Haití 2010: dos miradas
Introducción
Además de la atención a sus necesidades básicas, era tanto o más necesario proporcionarles un apoyo emocional que les permitiera afrontar un suceso tan dramático para ellos.
Se han cumplido diez años de la que ha sido considerada una de las catástrofes naturales más devastadoras de la historia reciente: el terremoto de Haití de 2010. Según fuentes oficiales, esta tragedia dejó tras de sí más de 300.000 fallecidos, una cantidad aún mayor de heridos y la gran mayoría de la población del país sin hogar. En definitiva, un país devastado y sumido en un trauma colectivo e individual del que, a pesar del tiempo transcurrido y la ayuda internacional, no ha podido recuperarse. Una vez se conoció la magnitud de la catástrofe, la ayuda humanitaria no se hizo esperar. Países y organizaciones públicas y privadas de todo el mundo, entre las que estaba ADRA (Agencia Adventista para el Desarrollo y Recursos Asistenciales), ofrecieron su colaboración para la asistencia a los damnificados.
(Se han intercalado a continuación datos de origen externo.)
Definition pure_to (F : finFieldType) (n p e : nat) (Q : {vspace Vn F n}) (t : nat)
  : Prop :=
  forall u v, u \in Q -> v \in Q -> forall a b : 'rV[F]_n,
    (0 < wtE a b)%N -> (wtE a b < t)%N -> cdot u (errop p e a b v) = 0.

Definition detects (F : finFieldType) (n p e : nat) (Q : {vspace Vn F n}) (d : nat)
  : Prop :=
  forall u v, u \in Q -> v \in Q -> cdot u v = 0 -> forall a b : 'rV[F]_n,
    (wtE a b < d)%N -> cdot u (errop p e a b v) = 0.

(* Q is an [[n,k,d]]_q quantum code (q = #|F|); for k = 0, d via purity *)
Definition qcode (F : finFieldType) (n p e : nat) (Q : {vspace Vn F n}) (k d : nat)
  : Prop :=
  \dim Q = (#|F| ^ k)%N /\
  (if k == 0%N then pure_to p e Q d else detects p e Q d).

(* Let W be the s-Galois dual of C2 and D = C2^(p^(e-s)). Raising coordinates to the
   power p^s carries D onto C2 and turns the Euclidean pairing with D into the s-Galois
   pairing with C2, so W is a subspace of C1 with D^perp = W and W^perp = D. The code Q
   is spanned by the coset states |u + W>, u ranging over a complement of W in C1; hence
   dim Q = q^(k1 - (n - k2)), and every state of Q is supported on C1 and W-periodic.
   For an error X(a)Z(b): if a is not in C1, E|v> is supported outside C1; if b is not
   in D, some z in W has tr(b.z) = 1, and translating the inner product by z multiplies
   it by omega <> 1; otherwise a lies in W and b in C1^perp (else a or b is in S, of
   weight at least d), and E acts trivially on Q. Purity and d >= min(d1, d2) follow
   because a low-weight codeword is zero and the Frobenius preserves weights. *)

From HB Require Import structures.
From mathcomp Require Import all_boot all_order all_algebra all_field.
From mathcomp Require Import zify.
Import Order.TTheory GRing.Theory Num.Theory.
Local Open Scope ring_scope.
Set Implicit Arguments. Unset Strict Implicit.

Section PrimeCharacteristic.
Variables (R : idomainType) (p : nat).
Hypothesis pcharRp : p \in [pchar R].

Let p_gt0 : (0 < p)%N. Proof. exact/prime_gt0/(pcharf_prime pcharRp). Qed.

Lemma frobeniusD k (x y : R) : (x + y) ^+ (p ^ k) = x ^+ (p ^ k) + y ^+ (p ^ k).
Proof.
apply: exprDn_pchar.
by rewrite (eq_pnat _ (pcharf_eq pcharRp)) pnatX pnat_id ?(pcharf_prime pcharRp).
Qed.

Lemma frobenius0 k : (0 : R) ^+ (p ^ k) = 0.
Proof. by rewrite expr0n expn_eq0 gtn_eqF. Qed.

Lemma frobenius_sum k (I : finType) (f : I -> R) :
  (\sum_i f i) ^+ (p ^ k) = \sum_i f i ^+ (p ^ k).
Proof. exact: (big_morph _ (frobeniusD k) (frobenius0 k)). Qed.
(* For every positive integer $m$ and every complex number $\alpha \neq 0$, $$\sum_{k=1}^m \frac{k^\alpha}{m-k+1} = \sum_{j=1}^m j!\, S(\alpha, j) \binom{m+1}{j} \left(H_{m+1} - H_j\right).$$
   Context: For a complex number $\alpha \neq 0$ and a positive integer $k$, the Stirling function of the second kind is $$S(\alpha, k) = \frac{1}{k!} \sum_{j=1}^k (-1)^{k-j} \binom{k}{j} j^\alpha,$$ where for a positive integer $j$, $j^\alpha = e^{\alpha \ln j}$ with $\ln j$ the real logarithm. $H_k = 1 + \frac12 + \cdots + \frac1k$ denotes the $k$-th harmonic number. *)

From Stdlib Require Import Reals Arith Factorial.
Open Scope R_scope.

Record Cplx := mkC { Re : R ; Im : R }.

Definition C0 : Cplx := mkC 0 0.
Definition Cadd (z w : Cplx) : Cplx := mkC (Re z + Re w) (Im z + Im w).
Definition Cmul (z w : Cplx) : Cplx :=
  mkC (Re z * Re w - Im z * Im w) (Re z * Im w + Im z * Re w).
Definition RtoC (r : R) : Cplx := mkC r 0.
Definition Cscale (r : R) (z : Cplx) : Cplx := Cmul (RtoC r) z.

Definition Cexp (z : Cplx) : Cplx :=
  mkC (exp (Re z) * cos (Im z)) (exp (Re z) * sin (Im z)).

Definition cpow (j : nat) (alpha : Cplx) : Cplx :=
  Cexp (Cmul alpha (RtoC (ln (INR j)))).

Fixpoint Csum1 (n : nat) (f : nat -> Cplx) : Cplx :=
  match n with
  | O => C0
  | S n' => Cadd (Csum1 n' f) (f (S n'))
  end.

Fixpoint Rsum1 (n : nat) (f : nat -> R) : R :=
  match n with
  | O => 0
  | S n' => Rsum1 n' f + f (S n')
  end.

Definition harm (k : nat) : R := Rsum1 k (fun i => / INR i).

Definition stirling2 (alpha : Cplx) (k : nat) : Cplx :=
  Cscale (/ INR (fact k))
    (Csum1 k (fun j => Cscale ((-1) ^ (k - j) * C k j) (cpow j alpha))).

(* The identity is linear in the values j^alpha: we prove it for an arbitrary
   sequence of complex numbers v_1, v_2, ... in place of j^alpha.  Projecting
   onto real and imaginary parts reduces this to a real identity.  Expanding
   the Stirling functions and exchanging the two summations, the coefficient
   of v_i on the right-hand side is, with N = m - i,
     C(m+1,i) * sum_{l=0}^{N} (-1)^l C(N+1,l) (H_{m+1} - H_{i+l}),
   an (N+1)-st alternating difference of harmonic numbers.  The difference of
   H_{i+l} is a difference of 1/(i+1+l), and the N-th alternating difference
   of 1/(d+1+l) is the Beta value N! d! / (N+d+1)!.  Hence the coefficient is
   1/(N+1) = 1/(m-i+1), which is the coefficient of v_i on the left. *)
From Stdlib Require Import Reals Arith Factorial Lra Lia.
Open Scope R_scope.

(* Binomial coefficients by Pascal's rule; unlike [C] they vanish above the
   diagonal, which makes the Pascal recursion valid at the boundary. *)
Fixpoint binom (n k : nat) : R :=
  match n, k with
  | O, O => 1
  | O, S _ => 0
  | S _, O => 1
  | S n', S k' => binom n' k' + binom n' (S k')
  end.

Lemma binom_above (n k : nat) : (n < k)%nat -> binom n k = 0.
Proof.
  revert k; induction n as [|n IH]; intros [|k] Hk; try lia; simpl; auto.
  rewrite !IH by lia; lra.
Qed.

Lemma C_n_0 (n : nat) : C n 0 = 1.
Proof. unfold C; rewrite Nat.sub_0_r; simpl; field; apply INR_fact_neq_0. Qed.

Lemma C_n_n (n : nat) : C n n = 1.
Proof. unfold C; rewrite Nat.sub_diag; simpl; field; apply INR_fact_neq_0. Qed.

Lemma binom_C (n k : nat) : (k <= n)%nat -> binom n k = C n k.
Proof.
  revert k; induction n as [|n IH]; intros [|k] Hk.
  - simpl; rewrite C_n_0; reflexivity.
  - lia.
  - simpl; rewrite C_n_0; reflexivity.
  - simpl; destruct (Nat.eq_dec k n) as [-> | Hne].
    + rewrite (binom_above n (S n)), IH, !C_n_n by lia; lra.
    + rewrite !IH by lia; apply pascal; lia.
Qed.

Lemma C_mul_C (n k i : nat) :
  (i <= k <= n)%nat -> C n k * C k i = C n i * C (n - i) (k - i).
Proof.
  intros Hik; unfold C.
  replace (n - i - (k - i))%nat with (n - k)%nat by lia.
  pose proof (INR_fact_neq_0 n); pose proof (INR_fact_neq_0 k).
  pose proof (INR_fact_neq_0 i); pose proof (INR_fact_neq_0 (n - k)).
  pose proof (INR_fact_neq_0 (k - i)); pose proof (INR_fact_neq_0 (n - i)).
  field; repeat split; assumption.
Qed.

Lemma INR_fact_S (n : nat) : INR (fact (S n)) = INR (S n) * INR (fact n).
Proof. apply mult_INR. Qed.

Definition altdiff (N : nat) (a : nat -> R) : R :=
  sum_f_R0 (fun l => (-1) ^ l * binom N l * a l) N.

Lemma altdiff_ext (N : nat) (a b : nat -> R) :
  (forall l, (l <= N)%nat -> a l = b l) -> altdiff N a = altdiff N b.
Proof. intros Hab; apply sum_eq; intros l Hl; rewrite Hab; auto. Qed.

Lemma altdiff_minus (N : nat) (a b : nat -> R) :
  altdiff N (fun l => a l - b l) = altdiff N a - altdiff N b.
Proof. unfold altdiff; rewrite <- minus_sum; apply sum_eq; intros; ring. Qed.

(* Pascal's rule: one more difference is a difference of the forward
   differences a_l - a_{l+1}. *)
Lemma altdiff_S (N : nat) (a : nat -> R) :
  altdiff (S N) a = altdiff N (fun l => a l - a (S l)).
Proof.
  unfold altdiff; rewrite decomp_sum by lia; simpl pred.
  assert (Hsplit : sum_f_R0 (fun i => (-1) ^ S i * binom (S N) (S i) * a (S i)) N =
    sum_f_R0 (fun i => (-1) ^ S i * binom N (S i) * a (S i)) N -
    sum_f_R0 (fun i => (-1) ^ i * binom N i * a (S i)) N).
  { rewrite <- minus_sum; apply sum_eq; intros i _; simpl; ring. }
  assert (Hshift : a 0%nat + sum_f_R0 (fun i => (-1) ^ S i * binom N (S i) * a (S i)) N
                   = sum_f_R0 (fun l => (-1) ^ l * binom N l * a l) N).
  { destruct N as [|N]; [simpl; ring|].
    rewrite (decomp_sum (fun l => (-1) ^ l * binom (S N) l * a l)) by lia.
    simpl pred; rewrite tech5, binom_above by lia; simpl; ring. }
  assert (Hdiff : sum_f_R0 (fun l => (-1) ^ l * binom N l * (a l - a (S l))) N =
    sum_f_R0 (fun l => (-1) ^ l * binom N l * a l) N -
    sum_f_R0 (fun i => (-1) ^ i * binom N i * a (S i)) N).
  { rewrite <- minus_sum; apply sum_eq; intros; ring. }
  rewrite Hsplit, Hdiff, <- Hshift; simpl; ring.
Qed.

Lemma altdiff_const (N : nat) (c : R) : altdiff (S N) (fun _ => c) = 0.
Proof.
  rewrite altdiff_S; unfold altdiff.
  apply sum_eq_R0; intros; ring.
Qed.

Lemma altdiff_recip (N d : nat) :
  altdiff N (fun l => / INR (S d + l)) =
  INR (fact N) * INR (fact d) / INR (fact (N + S d)).
Proof.
  revert d; induction N as [|N IH]; intro d.
  - unfold altdiff; cbn [sum_f_R0 binom pow].
    rewrite Nat.add_0_r, Nat.add_0_l, INR_fact_S; change (INR (fact 0)) with 1.
    field; split; [apply INR_fact_neq_0 | apply not_0_INR; lia].
  - rewrite altdiff_S.
    rewrite (altdiff_ext N _ (fun l => / INR (S d + l) - / INR (S (S d) + l)))
      by (intros l _; do 3 f_equal; lia).
    rewrite altdiff_minus, !IH.
    replace (N + S (S d))%nat with (S (N + S d)) by lia.
    replace (S N + S d)%nat with (S (N + S d)) by lia.
    rewrite !INR_fact_S, !S_INR, !plus_INR, !S_INR.
    pose proof (INR_fact_neq_0 (N + S d)); pose proof (INR_fact_neq_0 d).
    pose proof (pos_INR N); pose proof (pos_INR d).
    field; repeat split; auto; lra.
Qed.

Lemma harm_S (k : nat) : harm (S k) = harm k + / INR (S k).
Proof. reflexivity. Qed.

(* Since H_{i+l+1} - H_{i+l} = 1/(i+1+l), differences of harmonic numbers are
   (negated) Beta values. *)
Lemma altdiff_harm (N i : nat) :
  altdiff (S N) (fun l => harm (i + l)) =
  - (INR (fact N) * INR (fact i) / INR (fact (N + S i))).
Proof.
  rewrite altdiff_S.
  rewrite (altdiff_ext N _ (fun l => - / INR (S i + l))).
  2: { intros l _; rewrite Nat.add_succ_r, harm_S; simpl (S i + l)%nat; ring. }
  transitivity (-1 * altdiff N (fun l => / INR (S i + l)));
    [| rewrite altdiff_recip; ring].
  unfold altdiff; rewrite scal_sum; apply sum_eq; intros; ring.
Qed.

(* The coefficient of v_i in the expanded right-hand side, with N = m - i. *)
Lemma coefficient_identity (i N : nat) :
  sum_f_R0 (fun l => C (i + N + 1) (i + l) * (harm (i + N + 1) - harm (i + l)) *
                     ((-1) ^ l * C (i + l) i)) N = / INR (N + 1).
Proof.
  set (D l := harm (i + N + 1) - harm (i + l)).
  rewrite (sum_eq _ (fun l => (-1) ^ l * binom (S N) l * D l * C (i + N + 1) i)).
  2: { intros l Hl; rewrite binom_C by lia.
       transitivity (C (i + N + 1) (i + l) * C (i + l) i * ((-1) ^ l * D l)); [unfold D; ring|].
       rewrite C_mul_C by lia.
       replace (i + N + 1 - i)%nat with (S N) by lia.
       replace (i + l - i)%nat with l by lia; ring. }
  rewrite <- scal_sum.
  (* the l = N+1 term vanishes, since it contains H_{i+N+1} - H_{i+N+1} *)
  assert (Hlast : sum_f_R0 (fun l => (-1) ^ l * binom (S N) l * D l) N = altdiff (S N) D).
  { unfold altdiff; rewrite tech5; unfold D.
    replace (i + S N)%nat with (i + N + 1)%nat by lia; ring. }
  rewrite Hlast; unfold D; rewrite altdiff_minus, altdiff_const, altdiff_harm.
  unfold C; replace (i + N + 1 - i)%nat with (S N) by lia.
  replace (N + S i)%nat with (i + N + 1)%nat by lia.
  rewrite INR_fact_S, plus_INR; simpl (INR 1).
  pose proof (INR_fact_neq_0 (i + N + 1)); pose proof (INR_fact_neq_0 N).
  pose proof (INR_fact_neq_0 i); pose proof (pos_INR N).
  rewrite S_INR; field; repeat split; auto; lra.
Qed.

Lemma Rsum1_S (n : nat) (f : nat -> R) : Rsum1 (S n) f = Rsum1 n f + f (S n).
Proof. reflexivity. Qed.

Lemma Rsum1_ext_in (n : nat) (f g : nat -> R) :
  (forall k, (1 <= k <= n)%nat -> f k = g k) -> Rsum1 n f = Rsum1 n g.
Proof.
  induction n as [|n IH]; intros Hfg; simpl; auto.
  rewrite (IH (fun k Hk => Hfg k ltac:(lia))), Hfg by lia; reflexivity.
Qed.

Lemma Rsum1_plus (n : nat) (f g : nat -> R) :
  Rsum1 n (fun k => f k + g k) = Rsum1 n f + Rsum1 n g.
Proof. induction n as [|n IH]; simpl; [ring | rewrite IH; ring]. Qed.

Lemma Rsum1_scal (n : nat) (c : R) (f : nat -> R) :
  Rsum1 n (fun k => c * f k) = c * Rsum1 n f.
Proof. induction n as [|n IH]; simpl; [ring | rewrite IH; ring]. Qed.

Lemma Rsum1_triangle (m : nat) (a : nat -> nat -> R) :
  Rsum1 m (fun j => Rsum1 j (fun i => a i j)) =
  Rsum1 m (fun i => sum_f_R0 (fun l => a i (i + l)%nat) (m - i)).
Proof.
  induction m as [|m IH]; [reflexivity|].
  rewrite Rsum1_S, IH, (Rsum1_S m (fun i => a i (S m))).
  rewrite (Rsum1_S m (fun i => sum_f_R0 (fun l => a i (i + l)%nat) (S m - i))).
  rewrite (Rsum1_ext_in m (fun i => sum_f_R0 (fun l => a i (i + l)%nat) (S m - i))
             (fun i => sum_f_R0 (fun l => a i (i + l)%nat) (m - i) + a i (S m))).
  2: { intros i Hi; replace (S m - i)%nat with (S (m - i)) by lia.
       rewrite tech5; do 2 f_equal; lia. }
  rewrite Nat.sub_diag; simpl sum_f_R0; rewrite Nat.add_0_r.
  rewrite Rsum1_plus; ring.
Qed.

Lemma stirling_inversion_real (x : nat -> R) (m : nat) :
  Rsum1 m (fun k => / INR (m - k + 1) * x k) =
  Rsum1 m (fun j => (INR (fact j) * C (m + 1) j * (harm (m + 1) - harm j)) *
     (/ INR (fact j) * Rsum1 j (fun i => ((-1) ^ (j - i) * C j i) * x i))).
Proof.
  set (c i j := C (m + 1) j * (harm (m + 1) - harm j) * ((-1) ^ (j - i) * C j i)).
  symmetry; rewrite (Rsum1_ext_in m _ (fun j => Rsum1 j (fun i => c i j * x i))).
  2: { intros j _; pose proof (INR_fact_neq_0 j).
       rewrite <- Rsum1_scal, <- Rsum1_scal; apply Rsum1_ext_in; intros i _.
       unfold c; field; assumption. }
  rewrite Rsum1_triangle; apply Rsum1_ext_in; intros i Hi.
  rewrite <- scal_sum; unfold c.
  replace (m + 1)%nat with (i + (m - i) + 1)%nat by lia.
  rewrite (sum_eq _ (fun l => C (i + (m - i) + 1) (i + l) *
      (harm (i + (m - i) + 1) - harm (i + l)) * ((-1) ^ l * C (i + l) i))).
  2: { intros l _; replace (i + l - i)%nat with l by lia; reflexivity. }
  rewrite coefficient_identity; replace (i + (m - i) + 1 - i)%nat with (m - i + 1)%nat by lia.
  ring.
Qed.

Lemma Cplx_ext (z w : Cplx) : Re z = Re w -> Im z = Im w -> z = w.
Proof. destruct z, w; simpl; intros -> ->; reflexivity. Qed.

Section Projection.
Variable p : Cplx -> R.
Hypothesis p_add : forall z w, p (Cadd z w) = p z + p w.
Hypothesis p_zero : p C0 = 0.
Hypothesis p_scale : forall r z, p (Cscale r z) = r * p z.

Lemma proj_Csum1 (n : nat) (f : nat -> Cplx) : p (Csum1 n f) = Rsum1 n (fun k => p (f k)).
Proof. induction n as [|n IH]; simpl; [auto | rewrite p_add, IH; reflexivity]. Qed.

Lemma proj_stirling_inversion (v : nat -> Cplx) (m : nat) :
  p (Csum1 m (fun k => Cscale (/ INR (m - k + 1)) (v k))) =
  p (Csum1 m (fun j => Cscale (INR (fact j) * C (m + 1) j * (harm (m + 1) - harm j))
       (Cscale (/ INR (fact j)) (Csum1 j (fun i => Cscale ((-1) ^ (j - i) * C j i) (v i)))))).
Proof.
  rewrite !proj_Csum1.
  rewrite (Rsum1_ext_in m _ (fun k => / INR (m - k + 1) * p (v k)))
    by (intros; apply p_scale).
  rewrite (stirling_inversion_real (fun i => p (v i))).
  apply Rsum1_ext_in; intros j _.
  rewrite !p_scale, proj_Csum1; do 2 f_equal.
  apply Rsum1_ext_in; intros i _; symmetry; apply p_scale.
Qed.
End Projection.

Lemma Re_Cscale (r : R) (z : Cplx) : Re (Cscale r z) = r * Re z.
Proof. simpl; ring. Qed.

Lemma Im_Cscale (r : R) (z : Cplx) : Im (Cscale r z) = r * Im z.
Proof. simpl; ring. Qed.

(* The identity holds for any values v_j in place of j^alpha. *)
Theorem proposition4 (m : nat) (alpha : Cplx) :
  (1 <= m)%nat -> alpha <> C0 ->
  Csum1 m (fun k => Cscale (/ INR (m - k + 1)) (cpow k alpha)) =
  Csum1 m (fun j => Cscale (INR (fact j) * C (m + 1) j * (harm (m + 1) - harm j))
                           (stirling2 alpha j)).
Proof.
  intros _ _; apply Cplx_ext.
  - exact (proj_stirling_inversion Re (fun _ _ => eq_refl) eq_refl Re_Cscale
             (fun k => cpow k alpha) m).
  - exact (proj_stirling_inversion Im (fun _ _ => eq_refl) eq_refl Im_Cscale
             (fun k => cpow k alpha) m).
Qed.
Lemma card_bits : #|bits| = 2 ^ N.
Proof. by rewrite card_ffun card_bool card_ord. Qed.

Lemma exists_flip_stable S j x : 4 * #|S| <= 2 ^ N ->
  exists2 u, u \notin [set x; flip j x] & (flip j u \in S) = (u \in S).
Proof.
move=> hS.
case: (pickP [pred u | (u \notin [set x; flip j x]) && ((flip j u \in S) == (u \in S))]).
  by move=> u /andP[uP /eqP uS]; exists u.
(* Otherwise S and its flip cover all strings but two: 2^N - 2 <= 2|S| <= 2^N / 2. *)
move=> unstable; exfalso.
have cover : ~: [set x; flip j x] \subset S :|: flip j @: S.
  apply/subsetP => w; rewrite inE => wP; have := unstable w; rewrite /= wP inE.
  case: (w \in S) => //=; rewrite eqbF_neg => /negbFE fwS.
  by apply/imsetP; exists (flip j w); rewrite ?flipK.
have : #|~: [set x; flip j x]| <= #|S| + #|S|.
  apply: leq_trans (subset_leq_card cover) _; apply: leq_trans (leq_card_setU _ _) _.
  by rewrite leq_add2l leq_imset_card.
have := cardsC [set x; flip j x]; have := cards2 x (flip j x).
have : 8 <= 2 ^ N by have := @leq_exp2l 2 3 N isT; rewrite N_gt2.
rewrite card_bits; move: #|S| hS => s hS; case: (x != flip j x) => /=; lia.
Qed.
Lemma lift_sep_X u1 u2 : u1 \in S -> u1 \in C -> u2 \in X -> u2 \in C ->
  separates N lift_teach u1 u2.
Proof.
move=> u1S u1C u2X u2C; have u2S := contraTN (component_notin cS) u2X.
have fuD : f u1 \in C :\: S by rewrite in_setD f_notin ?f_C.
have u2D : u2 \in C :\: S by rewrite in_setD u2S.
have [w wT] := Tv_sep fuD u2D (truncate_nbhdX_neq SK SjK SjS (fS u1S) u2X).
have wS : w \notin S.
  by case/setUP: wT => [/Tv_copy [] | /(Tv_mem u2C u2S) []].
rewrite distinguishesD //; case/setUP: wT => wT wd.
  have [_ _ wSX] := Tv_copy u1S u1C wT.
  exists (patch g Sj w); first by rewrite in_setU /lift_teach u1S imset_f.
  by rewrite /distinguishes patch_g_nbhd // (iso_patch_nbhdX cSj cS isg).
exists w; first by rewrite in_setU /lift_teach (negPf u2S) wT orbT.
have [wN2 _] := Tv_mem u2C u2S wT.
move: wd; rewrite /distinguishes wN2 !eqb_id; apply: contra => wN1.
case wX : (w \in X).
  have wSX : (w \in S) || (w \in X) by rewrite wX orbT.
  by move: (iso_nbhd_patch cS cSj isf esym u1S wSX); rewrite /patch (negPf wS) wN1.
by move: wS; rewrite (component_nbhd cS u1S wN1) ?wX.
Qed.

Lemma lift_vteaching : vteaching N C k lift_teach.
Proof.
split=> [u uC | u1 u2 u1C u2C neq]; first exact: lift_teach_sub.
have sep_mixed v1 v2 : v1 \in S -> v1 \in C -> v2 \notin S -> v2 \in C ->
    separates N lift_teach v1 v2.
  move=> v1S v1C v2S v2C; case v2X : (v2 \in X); first exact: lift_sep_X.
  exact: lift_sep_out (negbT v2X).
case u1S : (u1 \in S); case u2S : (u2 \in S).
- exact: lift_sep_in.
- exact: sep_mixed (negbT u2S) u2C.
- by apply: separatesC; apply: sep_mixed; rewrite ?u1S.
have uD u : u \in C -> u \in S = false -> u \in C :\: S by move=> uC uS; rewrite in_setD uS.
have neqS : N u1 :\: S != N u2 :\: S.
  by apply: contra neq => /eqP /(truncate_nbhd_inj SK (negbT u1S) (negbT u2S)) ->.
have [w wT] := Tv_sep (uD _ u1C u1S) (uD _ u2C u2S) neqS.
have wS : w \notin S by case/setUP: wT => /Tv_mem [] //; rewrite ?u1S ?u2S.
by rewrite distinguishesD // => wd; exists w; rewrite // /lift_teach u1S u2S.
Qed.

End Lift.

Lemma teach_in_X_trace_neq S k Tv v1 v2 :
  vteaching (fun v => N v :\: S) (C :\: S) k Tv -> S \in K ->
  v1 \in C :\: S -> v2 \in C :\: S -> Tv v1 \subset X -> Tv v2 \subset X ->
  N v1 :\: S != N v2 :\: S -> N v1 :&: X != N v2 :&: X.
Proof.
case=> _ Tv_sep SK v1D v2D T1X T2X /(Tv_sep _ _ v1D v2D) [w wT].
have wX : w \in X by case/setUP: wT; apply/subsetP.
rewrite distinguishesD ?(contraTN (component_notin (Kcomp SK))) // => wd.
by apply: contraNneq wd => /setP /(_ w); rewrite !in_setI wX !andbT /distinguishes => ->.
Qed.

Lemma nctdp_le_lift S k : S \in K ->
  nctdp_le [set N v :\: S | v in C :\: S] k -> nctdp_le [set N v | v in C] k.
Proof.
move=> SK /nctdp_le_vteaching [Tv Tv_teach]; apply/nctdp_le_vteaching.
pose bad (Sj : {set V}) v := [&& v \in Sj, v \in C & Tv v \subset X].
have bad_inj S1 S2 v1 v2 : S1 \in K :\ S -> S2 \in K :\ S -> bad S1 v1 -> bad S2 v2 ->
    N v1 :&: X = N v2 :&: X -> S1 = S2.
  move=> /setD1P [S1S S1K] /setD1P [S2S S2K] /and3P [v1S1 v1C T1X] /and3P [v2S2 v2C T2X].
  have v1S := family_disjoint S1K SK S1S v1S1; have v2S := family_disjoint S2K SK S2S v2S2.
  apply: contraPeq => S12; apply/eqP/(teach_in_X_trace_neq Tv_teach SK _ _ T1X T2X).
  - by rewrite in_setD v1S.
  - by rewrite in_setD v2S.
  apply/negP => /eqP /setP /(_ v1); rewrite !in_setD v1S in_cnbhd eqxx.
  by rewrite (negPf (family_nbhd_out S2K S1K _ v2S2 v1S1)) // eq_sym.
have bad_img Sj v : Sj \in K :\ S -> bad Sj v -> N v :&: X \in powerset X.
  by move=> _ _; rewrite inE subsetIr.
have few_bad : #|powerset X| < #|K :\ S|.
  by move: Kbig; rewrite card_powerset (cardsD1 S K) SK; lia.
have [Sj] := exists_unwitnessed bad_img bad_inj few_bad.
rewrite in_setD1 => /andP [SjS SjK] good; exists (lift_teach S Sj Tv).
apply: lift_vteaching => // v vSj vC; apply/negP => vX.
by move: (good v); rewrite /bad vSj vC vX.
Qed.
Los niños, la parte de la población más vulnerable y afectada en esta tragedia, fueron uno de los colectivos principales a los que se ofreció auxilio. Además de la atención a sus necesidades básicas, era tanto o más necesario proporcionarles un apoyo emocional que les permitiera afrontar un suceso tan dramático para ellos. El terremoto de Haití produjo un impacto de tal magnitud en sus vidas que, sumado a la fragilidad y vulnerabilidad características de esas edades, causó una fractura en su equilibrio psicológico y emocional. Un trauma psíquico de esta envergadura afecta al desarrollo madurativo de sus procesos de cognición, afectos y conducta en distintas medidas. Podía llegar a imposibilitar el adecuado desarrollo de sus tareas evolutivas, reducir drásticamente su capacidad para autorregularse y adaptarse emocionalmente a su entorno, así como bloquear su capacidad expresiva y comunicativa dejándolos, literalmente, «congelados» en su fuero interno.